Thoughts on the OECD survey of adult skills


The first OECD survey of adult skills (PIAAC) was published this week. It's a fascinating - and, at almost 500 pages, immense - report. As England comes close to the bottom of the league tables - especially amongst 16-24 year olds - it has been presented as a condemnation of our education system. And you'd have to be remarkably complacent to read the report and not be concerned about our apparent global weakness in basic skills but it's worth highlighting some things that a superficial reading might miss:

1) The report isn't really telling us anything we didn't already know from PISA - the OECD's existing international comparative test for 15 year olds. It looks worse than PISA because we're at the bottom of the league table rather than somewhere in the middle, and our scores are below average rather than average, but that's a bit misleading. Far fewer countries participated in this survey than in PISA and most of those that did also do better than us in that test.

2) Those countries that did better than us in PIAAC but not PISA (e.g. France, Sweden, Czech/Slovak Republic) all have compulsory literacy and numeracy for those in post-16 education. As do pretty much all the other countries that participated. As a majority of our 16-18 year olds don't study English or Maths it's not really surprising that even countries we're marginally ahead of in PISA do better than us in PIAAC. If we were to increase the numbers of 16-18 year olds doing these subjects (as both the Government and Labour want to do) I'd expect to see us rise up the tables a bit.

3) The questions PIAAC uses (like PISA) are very applied - i.e. are focused on using literacy and numeracy in "everyday" situations. Our education system doesn't focus on applied skills in the way that others do; especially post-16. By contrast the other big international comparative test for 15 year olds, TIMSS, tests whether pupils have mastered the specific knowledge and skills outlined in curriculum content common amongst participating countries. We do much better in TIMSS than PISA so it's fair to assume our post-16 issue is also with applied skills rather than curriculum skills. All of which seems to support mathematician Tim Gowers' proposal for post-16 courses in real-world maths.

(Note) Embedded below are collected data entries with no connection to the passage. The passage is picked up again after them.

(* Let $\Lambda$ be a row-finite $2$-graph with no sources. Suppose that every vertex of $\Lambda$ has an aperiodic quartet (an $(a,b)$-aperiodic quartet for some positive integers $a,b$). Then $\Lambda$ is strongly aperiodic.
   Context: A $k$-graph is a countable category $\Lambda$ with a functor $d:\Lambda\to\mathbb{N}^k$ satisfying the factorization property: whenever $d(\lambda)=m+n$ there are unique $\mu,\nu$ with $\lambda=\mu\nu$, $d(\mu)=m$, $d(\nu)=n$. $\Lambda^n=d^{-1}(n)$, $\Lambda^0$ the vertices, $r,s$ range and source, $v\Lambda^n w=\{\lambda:r(\lambda)=v,d(\lambda)=n,s(\lambda)=w\}$. Row-finite: each $v\Lambda^n$ finite; no sources: $v\Lambda^{e_i}\ne\emptyset$ for all $v,i$. For $0\le m\le n\le d(\lambda)$, $\lambda(m,n)$ is the unique path with $\lambda=\lambda'\lambda(m,n)\lambda''$, $d(\lambda')=m$, $d(\lambda(m,n))=n-m$. No local periodicity at $v$: for each $m\neq n\in\mathbb{N}^k$ there is $\lambda$ with $r(\lambda)=v$, $d(\lambda)\ge m\vee n$ and $\lambda(m,m+d(\lambda)-(m\vee n))\neq\lambda(n,n+d(\lambda)-(m\vee n))$; aperiodic: no local periodicity at every vertex. Write $v\le w$ iff there is a path with range $v$ and source $w$. $H\subseteq\Lambda^0$ is hereditary if $v\in H$, $v\le w$ imply $w\in H$; saturated if for every $v$: $r^{-1}(v)\ne\emptyset$ and $\{s(\lambda):\lambda\in v\Lambda^{e_i}\}\subseteq H$ for some $i$ imply $v\in H$. For saturated hereditary $H\subsetneq\Lambda^0$, $\Gamma(\Lambda\setminus H)$ is the $k$-graph with vertices $\Lambda^0\setminus H$ and morphisms $\{\lambda:s(\lambda)\notin H\}$ (a row-finite $k$-graph with no sources). $\Lambda$ is strongly aperiodic if $\Gamma(\Lambda\setminus H)$ is aperiodic for all saturated hereditary $H\subsetneq\Lambda^0$. An $(a,b)$-aperiodic quartet at $u$ is $(\alpha_1,\alpha_2,\beta_1,\beta_2)$ with $\alpha_1\neq\alpha_2\in u\Lambda^{ae_1}u$, $\beta_1\neq\beta_2\in u\Lambda^{be_2}u$, $\beta_2\alpha_1=\alpha_1\beta_2$, $\beta_2\alpha_2=\alpha_2\beta_2$, $\beta_1\alpha_1=\alpha_2\beta_1$, $\beta_1\alpha_2=\alpha_1\beta_1$. *)

From Stdlib Require Import Arith Lia List ClassicalDescription ProofIrrelevance.

Definition deg := (nat * nat)%type.
Definition dadd (m n : deg) : deg := (fst m + fst n, snd m + snd n).
Definition dsub (m n : deg) : deg := (fst m - fst n, snd m - snd n).
Definition djoin (m n : deg) : deg := (Nat.max (fst m) (fst n), Nat.max (snd m) (snd n)).
Definition dle (m n : deg) : Prop := fst m <= fst n /\ snd m <= snd n.
Definition e1 : deg := (1, 0).
Definition e2 : deg := (0, 1).

(* A 2-graph: a countable category (objects Obj, morphisms Mor, range rg,
   source sc, identities idm, composition comp (only meaningful on composable
   pairs, i.e. sc f = rg g; comp f g is "f g" with f on the left)) with a
   degree functor dg : Mor -> N^2 satisfying the factorization property. *)
Record twograph := {
  Obj : Type;
  Mor : Type;
  rg : Mor -> Obj;
  sc : Mor -> Obj;
  idm : Obj -> Mor;
  comp : Mor -> Mor -> Mor;
  dg : Mor -> deg;
  Mor_countable : exists f : Mor -> nat, forall x y, f x = f y -> x = y;
  rg_id : forall v, rg (idm v) = v;
  sc_id : forall v, sc (idm v) = v;
  rg_comp : forall f g, sc f = rg g -> rg (comp f g) = rg f;
  sc_comp : forall f g, sc f = rg g -> sc (comp f g) = sc g;
  comp_id_l : forall f, comp (idm (rg f)) f = f;
  comp_id_r : forall f, comp f (idm (sc f)) = f;
  comp_assoc : forall f g h, sc f = rg g -> sc g = rg h ->
      comp (comp f g) h = comp f (comp g h);
  dg_id : forall v, dg (idm v) = (0, 0);
  dg_comp : forall f g, sc f = rg g -> dg (comp f g) = dadd (dg f) (dg g);
  factorization : forall l m n, dg l = dadd m n ->
      exists mu nu, (sc mu = rg nu /\ comp mu nu = l /\ dg mu = m /\ dg nu = n) /\
        forall mu' nu', sc mu' = rg nu' -> comp mu' nu' = l -> dg mu' = m -> dg nu' = n ->
          mu' = mu /\ nu' = nu
}.

Arguments rg {_} _.
Arguments sc {_} _.
Arguments idm {_} _.
Arguments comp {_} _ _.
Arguments dg {_} _.

Section Defs.
Variable G : twograph.

Definition row_finite : Prop :=
  forall (v : Obj G) (n : deg), exists l : list (Mor G),
    forall lam, rg lam = v -> dg lam = n -> In lam l.

Definition no_sources : Prop :=
  forall v : Obj G,
    (exists lam : Mor G, rg lam = v /\ dg lam = e1) /\
    (exists lam : Mor G, rg lam = v /\ dg lam = e2).

(* mu = lam(m,n): lam = lam' mu lam'' with d(lam') = m, d(mu) = n - m *)
Definition segment (lam : Mor G) (m n : deg) (mu : Mor G) : Prop :=
  exists l1 l2 : Mor G, sc l1 = rg mu /\ sc mu = rg l2 /\
    comp (comp l1 mu) l2 = lam /\ dg l1 = m /\ dg mu = dsub n m.

Definition no_local_periodicity (v : Obj G) : Prop :=
  forall m n : deg, m <> n ->
    exists lam : Mor G, rg lam = v /\ dle (djoin m n) (dg lam) /\
      forall mu1 mu2,
        segment lam m (dadd m (dsub (dg lam) (djoin m n))) mu1 ->
        segment lam n (dadd n (dsub (dg lam) (djoin m n))) mu2 ->
        mu1 <> mu2.

Definition aperiodic : Prop := forall v : Obj G, no_local_periodicity v.

Definition vle (v w : Obj G) : Prop := exists lam : Mor G, rg lam = v /\ sc lam = w.

Definition hereditary (H : Obj G -> Prop) : Prop :=
  forall v w, H v -> vle v w -> H w.

Definition saturated (H : Obj G -> Prop) : Prop :=
  forall v : Obj G,
    (exists lam : Mor G, rg lam = v) ->
    ((forall lam : Mor G, rg lam = v -> dg lam = e1 -> H (sc lam)) \/
     (forall lam : Mor G, rg lam = v -> dg lam = e2 -> H (sc lam))) ->
    H v.

Definition aperiodic_quartet (a b : nat) (u : Obj G) (al1 al2 be1 be2 : Mor G) : Prop :=
  al1 <> al2 /\ be1 <> be2 /\
  rg al1 = u /\ sc al1 = u /\ dg al1 = (a, 0) /\
  rg al2 = u /\ sc al2 = u /\ dg al2 = (a, 0) /\
  rg be1 = u /\ sc be1 = u /\ dg be1 = (0, b) /\
  rg be2 = u /\ sc be2 = u /\ dg be2 = (0, b) /\
  comp be2 al1 = comp al1 be2 /\ comp be2 al2 = comp al2 be2 /\
  comp be1 al1 = comp al2 be1 /\ comp be1 al2 = comp al1 be1.

Definition has_aperiodic_quartet (u : Obj G) : Prop :=
  exists a b : nat, 0 < a /\ 0 < b /\
    exists al1 al2 be1 be2, aperiodic_quartet a b u al1 al2 be1 be2.

End Defs.

Arguments row_finite : clear implicits.
Arguments no_sources : clear implicits.
Arguments aperiodic : clear implicits.

Lemma sig_ext {A : Type} {P : A -> Prop} (x y : sig P) :
  proj1_sig x = proj1_sig y -> x = y.
Proof.
  destruct x as [x px], y as [y py]; simpl; intros ->.
  f_equal; apply proof_irrelevance.
Qed.

Section Gamma.
Variable G : twograph.
Variable H : Obj G -> Prop.
Hypothesis hH : hereditary G H.

Lemma rg_notH (lam : Mor G) : ~ H (sc lam) -> ~ H (rg lam).
Proof. intros h1 h2; apply h1; apply (hH (rg lam)); [exact h2| exists lam; auto]. Qed.

Definition GObj := {v : Obj G | ~ H v}.
Definition GMor := {lam : Mor G | ~ H (sc lam)}.

Definition Grg (f : GMor) : GObj := exist _ (rg (proj1_sig f)) (rg_notH _ (proj2_sig f)).
Definition Gsc (f : GMor) : GObj := exist _ (sc (proj1_sig f)) (proj2_sig f).

Lemma Gidm_pf (v : GObj) : ~ H (sc (idm (proj1_sig v))).
Proof. rewrite sc_id; exact (proj2_sig v). Qed.
Definition Gidm (v : GObj) : GMor := exist _ (idm (proj1_sig v)) (Gidm_pf v).

Lemma Gcomp_pf (f g : GMor) (e : sc (proj1_sig f) = rg (proj1_sig g)) :
  ~ H (sc (comp (proj1_sig f) (proj1_sig g))).
Proof. rewrite sc_comp by exact e; exact (proj2_sig g). Qed.

Definition Gcomp (f g : GMor) : GMor :=
  match excluded_middle_informative (sc (proj1_sig f) = rg (proj1_sig g)) with
  | left e => exist _ (comp (proj1_sig f) (proj1_sig g)) (Gcomp_pf f g e)
  | right _ => f
  end.

Definition Gdg (f : GMor) : deg := dg (proj1_sig f).

Lemma Gcomp_val (f g : GMor) : sc (proj1_sig f) = rg (proj1_sig g) ->
  proj1_sig (Gcomp f g) = comp (proj1_sig f) (proj1_sig g).
Proof.
  intro e; unfold Gcomp; destruct (excluded_middle_informative _); [reflexivity|contradiction].
Qed.

Lemma Gsc_rg (f g : GMor) : Gsc f = Grg g -> sc (proj1_sig f) = rg (proj1_sig g).
Proof. intro e; exact (f_equal (@proj1_sig _ _) e). Qed.

Lemma Gcountable : exists f : GMor -> nat, forall x y, f x = f y -> x = y.
Proof.
  destruct (Mor_countable G) as [f hf].
  exists (fun x => f (proj1_sig x)); intros x y e; apply sig_ext, hf, e.
Qed.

4) This difference between applied and curriculum skills may go someway to explaining how it can feel to so many people that our system has improved over the last 15 years despite our PISA results flatlining and our PIAAC results showing our 16-24 year olds doing so badly. We may have improved a lot in things that PISA/PIAAC don't measure; while making little progress in things they do. Another factor may be that the politics/media world tends to focus on London where the system almost certainly has improved while ignoring continued underperformance in other parts of the country.





5 comments:

  1. I'd be interested to know the variance and uncertainty in the measurements and more broadly, what is the threshold of literacy and numeracy that is actually required for every day participation in society? What percentage of the population is below it? In practical terms are there real disadvantages to scoring a bit lower than others in these measures? The most striking thing about PISA scores is how similar they are for the majority of the economically developed countries. If marginal differences don't have much effect putting the effort and resource somewhere else is likely to have greater cost-benefit.